Como quase todos os cientistas neste período, ele se envolveu numa disputa acirrada com um colega filósofo sobre quem tinha pensado o quê em primeiro lugar. No caso de Tycho, seu inimigo foi o astrônomo alemão Nicolaus Reimers Bär (1551-1600), também conhecido como Ursus (Urso). O dinamarquês acusou Ursus de copiar sua teoria do cosmos, o que teria sido feito quando visitou Uranienborg. Também alegou que tinha sido ele e não Ursus que “inventou a técnica matemática da prosthaphaeresis, importante para realizar cálculos longos antes da invenção dos algoritmos” (Wootton, 94f).
Praga e Anos Finais
O status aristocrático de Tycho o ajudara enormemente em sua carreira, mas começou a prejudicá-lo severamente a partir de 1596, quando o rei Cristiano IV da Dinamarca (r. 1588-1648) chegou à idade adulta e passou a governar sem seu regente. O jovem monarca estava ansioso para equilibrar suas finanças e passou a controlar mais cuidadosamente onde o dinheiro real era gasto. Ainda pior para Tycho, o rei queria reduzir o poder de certas famílias nobres e, assim, o astrônomo caiu em desgraça. Obrigado a deixar Uranienborg em 1597, Tycho vagueou por vários locais da Alemanha por dois anos e finalmente terminou por se instalar em Praga, então a capital do Sacro Império Romano. Infelizmente, seu velho inimigo Ursus já estava bem estabelecido na cidade boêmia e ocupava o prestigioso cargo de matemático da corte. Ursus fez o que pôde para prejudicar a reputação de Tycho, mas o dinamarquês caiu nas boas graças do Sacro Imperador Romano, Rodolfo II (r. 1576-1612) e assim conseguiu roubar a posição do oponente.

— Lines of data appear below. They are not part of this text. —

(* All five matrices are block diagonal, t and u' for the partition of
   {0..2D-1} into the pairs {2i, 2i+1}, t' and u for the shifted partition
   {0}, {2i-1, 2i}, {2D-1}.  Each relation among matrices of the same shape
   is thus checked block by block, on 2x2 (or 1x1) matrices whose entries are
   Laurent polynomials in r = q^(1/4) and sqrt(-1); e.g. every 2x2 block of t
   (resp. t') has trace k - k^-1 and determinant -1 for k = kappa
   (resp. kappa'), whence the quadratic relation by Cayley-Hamilton.
   The relation (T - k)(T + k^-1) = 0 makes T invertible with inverse
   T + (k^-1 - k), and similarly for T', so X = T'T is invertible; the only
   relation mixing the two shapes is U + 1 = T' T U', which gives
   X^-1 (U + 1) = U'. *)

Section BlockDiagonal.
Variables (R : pzRingType) (n : nat) (blk : 'I_n -> nat) (pos : 'I_n -> bool).
Implicit Types f g : nat -> bool -> bool -> R.

Definition blkmx f : 'M[R]_n :=
  \matrix_(a, b) if blk a == blk b then f (blk a) (pos a) (pos b) else 0.

(* Blocks may be incomplete: position s of block i need not be occupied. *)
Definition blk_occurs i s := [exists a, (blk a == i) && (pos a == s)].

Lemma blkmxD f g : blkmx f + blkmx g = blkmx (fun i r c => f i r c + g i r c).
Proof. by apply/matrixP => a b; rewrite !mxE; case: eqP; rewrite ?addr0. Qed.

Lemma blkmxN f : - blkmx f = blkmx (fun i r c => - f i r c).
Proof. by apply/matrixP => a b; rewrite !mxE; case: eqP; rewrite ?oppr0. Qed.

Lemma eq_blkmx f g :
    (forall i r c, blk_occurs i r -> blk_occurs i c -> f i r c = g i r c) ->
  blkmx f = blkmx g.
Proof.
move=> fg; apply/matrixP => a b; rewrite !mxE; case: eqP => // ab.
by apply: fg; apply/existsP; [exists a | exists b]; rewrite ?ab !eqxx.
Qed.

Lemma blkmx_eq0 f :
  (forall i r c, blk_occurs i r -> blk_occurs i c -> f i r c = 0) ->
  blkmx f = 0.
Proof. by move/eq_blkmx->; apply/matrixP => a b; rewrite !mxE; case: ifP. Qed.

Lemma big_blk_occurs i (F : bool -> R) :
  \sum_(s | blk_occurs i s) F s =
  (if blk_occurs i false then F false else 0) +
  (if blk_occurs i true then F true else 0).
Proof. by rewrite big_mkcond big_bool addrC. Qed.

Lemma mul_blkmx_diag s f d :
  blkmx f *m diag_mx (\row_a if pos a == s then d (blk a) else 0) =
  blkmx (fun i r c => if c == s then f i r s * d i else 0).
Proof.
apply/matrixP => a b; rewrite mul_mx_diag !mxE.
case: eqP => [->|_]; last by rewrite mul0r.
by case: eqP => [->|_]; rewrite ?mulr0.
Qed.

Hypothesis blk_pos_inj : forall a b, blk a = blk b -> pos a = pos b -> a = b.

Lemma scalar_blkmx x : x%:M = blkmx (fun _ r c => if r == c then x else 0).
Proof.
apply/matrixP => a b; rewrite !mxE.
have [->|ab] := eqVneq a b; first by rewrite !eqxx.
by case: eqP => // eblk; case: eqP => // epos; case/eqP: ab; apply: blk_pos_inj.
Qed.

Lemma blkmx_diag s d :
  blkmx (fun i r c => if (r == s) && (c == s) then d i else 0) =
  diag_mx (\row_a if pos a == s then d (blk a) else 0).
Proof.
apply/matrixP => a b; rewrite !mxE.
have [<-|ab] := eqVneq a b; first by rewrite !eqxx /=; case: eqP.
case: eqP => // eblk; case: eqP => // epos; case: eqP => // epos'.
by case/eqP: ab; apply: blk_pos_inj; rewrite // epos epos'.
Qed.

Tycho foi afortunado de ter um talento raro como seu assistente em Praga, um certo Johannes Kepler (1571-1630), que seguiu adiante para se tornar uma das mais importantes figuras da Revolução Científica. O astrônomo dinamarquês queria aumentar seu catálogo estelar, incluindo estrelas meridionais e, com este objetivo em mente, entrou em contato com venezianos e tuscanos, na esperança de que algum deles aparecesse com os fundos necessários para um novo observatório no Egito. Nenhum dos dois estados respondeu favoravelmente. Ele teve um fracasso semelhante com outro italiano, o astrônomo Galileu Galilei (1564-1642), a quem escreveu por duas vezes propondo uma colaboração, mas foi ignorado em ambas as ocasiões. Galileu não tinha tempo para modelos do universo teóricos e preferia a observação pura; por volta de 1608, ele aperfeiçoaria a nova invenção do telescópio e faria seu próprio impressionante catálogo de descobertas.
Em 24 de Outubro de 1601, Tycho Brahe morreu em Praga. Kepler o sucedeu e, de forma crucial, herdou suas extensas e altamente precisas observações dos movimentos dos corpos celestes. Kepler fez bom uso destes dados, especialmente as notas de Tycho sobre o movimento de Marte, e elaborou suas famosas três leis do movimento planetário.
A crença de Tycho da necessidade de medições contínuas para o aprimoramento da precisão tornou-se um dos princípios fundamentais da ciência moderna, e daí o motivo de muitos terem chamado Tycho de “o verdadeiro fundador da nova astronomia” (Wooton, 456), que seria, portanto, a primeira ciência moderna. Acima de tudo, Tycho demonstrou que teorias não eram mais valiosas simplesmente porque se acreditava nelas há muito tempo. Além disso, ele comprovou que acreditar numa teoria errônea com frequência levava à crença em outras igualmente erradas, criando catastróficas cadeias de enganos. Ao observar o que estava para ser visto, não o que esperava ver, Tycho foi um dos primeiros que poderíamos chamar atualmente de um verdadeiro cientista, ou seja, alguém que investiga um tema sem ideias preconcebidas do que estas pesquisas mostrariam como verdade, um pesquisador que reconcilia a teoria, os fenômenos e os dados para aumentar o conhecimento do mundo ao nosso redor.